*** SUPPLIED DATA Section Begins ***

(* K4 - e: 0,1 of degree 3 and 2,3 of degree 2 *)
Definition G8_graph : rel 'I_4 :=
  @edges_rel 4 [:: (0,1); (0,2); (0,3); (1,2); (1,3)].
Definition G8_types : seq vtype := [:: TN; T1K; TK; T1].

Definition G9_graph : rel 'I_4 :=
  @edges_rel 4 [:: (0,1); (1,2); (2,3); (3,0)].
Definition G9_types : seq vtype := [:: TK; TK; T1; T1].

(* C4 + K1: cycle 0-1-2-3-0, vertex 4 adjacent to all *)
Definition G10_graph : rel 'I_5 :=
  @edges_rel 5 [:: (0,1); (1,2); (2,3); (3,0); (0,4); (1,4); (2,4); (3,4)].
Definition G10_types : seq vtype := [:: TK; TK; T1; T1; T1K].

From mathcomp Require Import all_boot perm fingroup zify.
Set Implicit Arguments. Unset Strict Implicit. Unset Printing Implicit Defensive.

(* Colour each twin class injectively by the positions of its vertices in the
   class, except that the vertex w forming a class of type (1) gets colour 1.
   A colour-preserving automorphism s must fix w, as otherwise s w would be the
   only vertex of its class and get colour 0.  Hence s induces an automorphism
   of G^* fixing w^* and respecting the types of the classes; for each of the
   four twin graphs such an automorphism is the identity, which is checked by
   enumerating the permutations of G^*.  So s stabilises every class, on which
   the colouring is injective, and s = 1.  As G^* has at least four vertices,
   every class has at most n - 3 vertices, and n - 3 >= 2 because of the class
   of type (K); so D(G) <= n - 3 < n - 2. *)

Section TwinClasses.
Variables (T : finType) (e : rel T).
Hypotheses (e_sym : symmetric e) (e_irr : irreflexive e).

Lemma twinsE u v :
  twins e u v = (u != v) && [forall x, [&& x != u & x != v] ==> (e u x == e v x)].
Proof.
rewrite /twins; case: eqVneq => //= neq_uv; apply: eq_forallb => x.
case: (eqVneq x u) => [->|_]; first by rewrite e_irr andbF.
by case: (eqVneq x v) => [->|_]; rewrite ?e_irr ?andbF ?andbT.
Qed.

Lemma twin_equiv_refl v : twin_equiv e v v.
Proof. by rewrite /twin_equiv eqxx. Qed.

Lemma twin_equiv_sym u v : twin_equiv e u v = twin_equiv e v u.
Proof.
rewrite /twin_equiv !twinsE [v == u]eq_sym; congr (_ || (_ && _)).
by apply: eq_forallb => x; rewrite andbC (eq_sym (e v x)).
Qed.

Lemma twin_equiv_trans u v w :
  twin_equiv e u v -> twin_equiv e v w -> twin_equiv e u w.
Proof.
move=> /orP[/eqP-> //|tw_uv] /orP[/eqP<-|tw_vw]; first by rewrite /twin_equiv tw_uv orbT.
case: (eqVneq u w) => [->|neq_uw]; first exact: twin_equiv_refl.
apply/orP; right; move: tw_uv tw_vw; rewrite !twinsE neq_uw.
move=> /andP[neq_uv /forallP Euv] /andP[neq_vw /forallP Evw].
have E1 x : x != u -> x != v -> e u x = e v x.
  by move=> xu xv; apply/eqP/(implyP (Euv x)); rewrite xu xv.
have E2 x : x != v -> x != w -> e v x = e w x.
  by move=> xv xw; apply/eqP/(implyP (Evw x)); rewrite xv xw.
apply/forallP => x; apply/implyP => /andP[xu xw]; apply/eqP.
case: (eqVneq x v) => [->|xv]; last by rewrite E1 ?E2.
(* [e u v = e v u = e w u = e u w = e v w = e w v], using [E2] at [u] and [E1] at [w]. *)
rewrite (e_sym u v) E2 // (e_sym w u) E1 1?eq_sym //; exact: e_sym.
Qed.

Lemma twin_equiv_equivalence : equivalence_rel (twin_equiv e).
Proof.
move=> x y z; split=> [|Rxy]; first exact: twin_equiv_refl.
apply/idP/idP; last exact: twin_equiv_trans.
by apply: twin_equiv_trans; rewrite twin_equiv_sym.
Qed.

Lemma mem_twin_class v : v \in twin_class e v.
Proof. by rewrite inE twin_equiv_refl. Qed.

Lemma twin_class_eq u v : u \in twin_class e v -> twin_class e u = twin_class e v.
Proof.
by rewrite inE => Rvu; apply/setP => x; rewrite !inE (twin_equiv_equivalence v u x).2.
Qed.

Lemma twin_classes_partition : partition (twin_classes e) [set: T].
Proof.
have -> : twin_classes e = equivalence_partition (twin_equiv e) [set: T].
  apply/setP => A; apply/imsetP/imsetP => -[v _ ->];
    by exists v => //; apply/setP => u; rewrite !inE.
exact: (equivalence_partitionP (in3W twin_equiv_equivalence)).
Qed.

Lemma card_twin_class_le x : #|twin_class e x| + #|twin_classes e| <= #|T| + 1.
Proof.
set C := twin_class e x; set P := twin_classes e.
have C_P : C \in P by apply: imset_f.
have others : #|P :\ C| <= \sum_(A in P :\ C) #|A|.
  rewrite -sum1_card; apply: leq_sum => A /setD1P[_ /imsetP[v _ ->]].
  by rewrite card_gt0; apply/set0Pn; exists v; apply: mem_twin_class.
rewrite -cardsT (card_partition twin_classes_partition) (big_setD1 _ C_P).
by rewrite (cardsD1 C P) C_P -addnA leq_add2l add1n addn1 ltnS.
Qed.
End TwinClasses.

Lemma forall_in_imset (aT rT : finType) (f : aT -> rT) (A : {set aT}) (P : pred rT) :
  [forall y in f @: A, P y] = [forall x in A, P (f x)].
Proof.
apply/forall_inP/forall_inP => [PfA x xA | PA _ /imsetP[x xA ->]]; last exact: PA.
by apply: PfA; apply: imset_f.
Qed.

Lemma exists_in_imset (aT rT : finType) (f : aT -> rT) (A : {set aT}) (P : pred rT) :
  [exists y in f @: A, P y] = [exists x in A, P (f x)].
Proof.
apply/exists_inP/exists_inP => [[_ /imsetP[x xA ->] Pfx] | [x xA Pfx]]; first by exists x.
by exists (f x); rewrite ?imset_f.
Qed.

Section Automorphisms.
Variables (T : finType) (e : rel T) (s : {perm T}).
Hypothesis s_aut : is_aut e s.

Lemma is_autE x y : e (s x) (s y) = e x y.
Proof. by apply/eqP; move/forallP/(_ x)/forallP: s_aut. Qed.

Lemma is_aut_inv : is_aut e s^-1.
Proof. by apply/forallP => x; apply/forallP => y; rewrite -is_autE !permKV. Qed.

Lemma twins_aut u v : twins e u v -> twins e (s u) (s v).
Proof.
move=> /andP[neq_uv /forallP Nuv]; rewrite /twins (inj_eq perm_inj) neq_uv.
by apply/forallP => w; rewrite -(permKV s w) !is_autE !(inj_eq perm_inj).
Qed.

End Automorphisms.

Section AutomorphismInvariance.
Variables (T : finType) (e : rel T) (s : {perm T}).
Hypothesis s_aut : is_aut e s.

Lemma twin_equiv_aut u v : twin_equiv e (s u) (s v) = twin_equiv e u v.
Proof.
suff equiv_aut r x y : is_aut e r -> twin_equiv e x y -> twin_equiv e (r x) (r y).
  apply/idP/idP; last exact: equiv_aut.
  by move/(equiv_aut _ _ _ (is_aut_inv s_aut)); rewrite !permK.
by move=> r_aut /orP[/eqP-> | /(twins_aut r_aut) tw]; rewrite /twin_equiv ?eqxx ?tw ?orbT.
Qed.

Lemma twin_class_aut v : twin_class e (s v) = s @: twin_class e v.
Proof.
apply/setP => y; rewrite -[y](permKV s) mem_imset ?inE ?twin_equiv_aut //.
exact: perm_inj.
Qed.

Lemma twin_adj_aut (A B : {set T}) : twin_adj e (s @: A) (s @: B) = twin_adj e A B.
Proof.
rewrite /twin_adj (inj_eq (imset_inj perm_inj)) exists_in_imset; congr (_ && _).
apply: eq_existsb => u; rewrite exists_in_imset; congr (_ && _).
by apply: eq_existsb => v; rewrite is_autE.
Qed.

Lemma is_typeK_aut (A : {set T}) : is_typeK e (s @: A) = is_typeK e A.
Proof.
rewrite /is_typeK (card_imset _ perm_inj) forall_in_imset; congr (_ && _).
apply: eq_forallb => u; rewrite forall_in_imset; congr (_ ==> _).
by apply: eq_forallb => v; rewrite (inj_eq perm_inj) is_autE.
Qed.

End AutomorphismInvariance.

(* The basic types (1), (K), (N) are encoded as 0, 1, 2. *)
Definition type_kinds (t : vtype) : seq nat :=
  match t with
  | T1 => [:: 0] | TK => [:: 1] | TN => [:: 2]
  | T1K => [:: 0; 1] | T1N => [:: 0; 2] | TKN => [:: 1; 2]
  end.

Definition compatible_types (t t' : vtype) : bool := has (mem (type_kinds t)) (type_kinds t').

Section ClassKinds.
Variables (T : finType) (e : rel T).

Definition class_kind (A : {set T}) : nat :=
  if is_type1 A then 0 else if is_typeK e A then 1 else 2.

Lemma class_kind1 A : is_type1 A -> class_kind A = 0.
Proof. by rewrite /class_kind => ->. Qed.

Lemma class_kindK A : is_typeK e A -> class_kind A = 1.
Proof. by rewrite /class_kind /is_type1 => /[dup] /andP[/gtn_eqF-> _] ->. Qed.

Lemma class_kindN A : is_typeN e A -> class_kind A = 2.
Proof.
rewrite /class_kind /is_type1 => /andP[A_gt1 /forall_inP noedge].
rewrite gtn_eqF //=; case: ifP => // /andP[_ /forall_inP clique].
have [u [v [uA vA neq_uv]]] := card_gt1P A_gt1.
have /forall_inP/(_ v vA) := noedge u uA.
by have /forall_inP/(_ v vA)/implyP/(_ neq_uv) -> := clique u uA.
Qed.

Lemma class_kind_type A t : has_type e A t -> class_kind A \in type_kinds t.
Proof.
by case: t => /= [/class_kind1-> | /class_kindK-> | /class_kindN->
  | /orP[/class_kind1-> | /class_kindK->] | /orP[/class_kind1-> | /class_kindN->]
  | /orP[/class_kindK-> | /class_kindN->]].
Qed.

Lemma class_kind_aut (s : {perm T}) (A : {set T}) :
  is_aut e s -> class_kind (s @: A) = class_kind A.
Proof. by move=> s_aut; rewrite /class_kind /is_type1 (card_imset _ perm_inj) is_typeK_aut. Qed.

End ClassKinds.

Lemma dist_number_le (T : finType) (e : rel T) k : has_dist_col e k -> dist_number e <= k.
Proof. by rewrite /dist_number; case: ex_minnP => n _; apply. Qed.

Section TwinColoring.
Variables (T : finType) (e : rel T).
Hypotheses (e_sym : symmetric e) (e_irr : irreflexive e).

Lemma has_dist_col_twin_rigid k w :
  1 < k -> (forall x, #|twin_class e x| <= k) -> twin_class e w = [set w] ->
  (forall s x, is_aut e s -> s w = w -> s x \in twin_class e x) ->
  has_dist_col e k.
Proof.
case: k => // k k_gt1 class_le w_single aut_in_class.
pose col x := if x == w then 1 else index x (enum (twin_class e x)).
have col_lt x : col x < k.+1.
  rewrite /col; case: eqP => // _; apply: leq_trans (class_le x).
  by rewrite cardE index_mem mem_enum mem_twin_class.
have col_inj x y : y \in twin_class e x -> col x = col y -> x = y.
  move=> y_x; have class_y := twin_class_eq e_sym e_irr y_x.
  have x_y : x \in twin_class e y by rewrite class_y mem_twin_class.
  rewrite /col class_y.
  case: (eqVneq x w) => [xw | _]; first by move: y_x; rewrite xw w_single inE => /eqP.
  case: (eqVneq y w) => [yw | _]; first by move: x_y; rewrite yw w_single inE => /eqP.
  by apply: (index_inj x); rewrite mem_enum ?mem_twin_class.
apply/existsP; exists [ffun x => Ordinal (col_lt x)].
apply/forallP => s; apply/implyP => /andP[s_aut /forallP same_col].
have col_s x : col (s x) = col x by have /eqP/(congr1 val) := same_col x; rewrite !ffunE.
have sw : s w = w.
  move: (col_s w); rewrite /col eqxx twin_class_aut // w_single imset_set1 enum_set1 /=.
  by rewrite eqxx; case: eqP.
apply/eqP/permP => x; rewrite perm1; apply/esym/col_inj; last exact/esym/col_s.
exact: aut_in_class.
Qed.

End TwinColoring.

Definition rigid_typed_graph m (H : rel 'I_m) (typs : seq vtype) (i0 : 'I_m) : Prop :=
  forall g : 'I_m -> 'I_m, injective g -> {mono g : i j / H i j} -> g i0 = i0 ->
    (forall i : 'I_m, compatible_types (nth T1 typs i) (nth T1 typs (g i))) -> g =1 id.

Section TwinGraphIso.
Variables (T : finType) (e : rel T) (m : nat) (H : rel 'I_m) (typs : seq vtype).
Variable f : 'I_m -> {set T}.
Hypotheses (e_sym : symmetric e) (e_irr : irreflexive e).
Hypotheses (f_inj : injective f) (f_class : forall i, f i \in twin_classes e).
Hypothesis f_onto : forall A, A \in twin_classes e -> exists i, f i = A.
Hypothesis f_adj : forall i j, twin_adj e (f i) (f j) = H i j.
Hypothesis f_type : forall i, has_type e (f i) (nth T1 typs i).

*** SUPPLIED DATA Section Ends ***

The answer must consist of every line from the data that holds the string "Hypothesis".

Hypothesis s_aut : is_aut e s.
Hypothesis s_aut : is_aut e s.
Hypothesis f_onto : forall A, A \in twin_classes e -> exists i, f i = A.
Hypothesis f_adj : forall i j, twin_adj e (f i) (f j) = H i j.
Hypothesis f_type : forall i, has_type e (f i) (nth T1 typs i).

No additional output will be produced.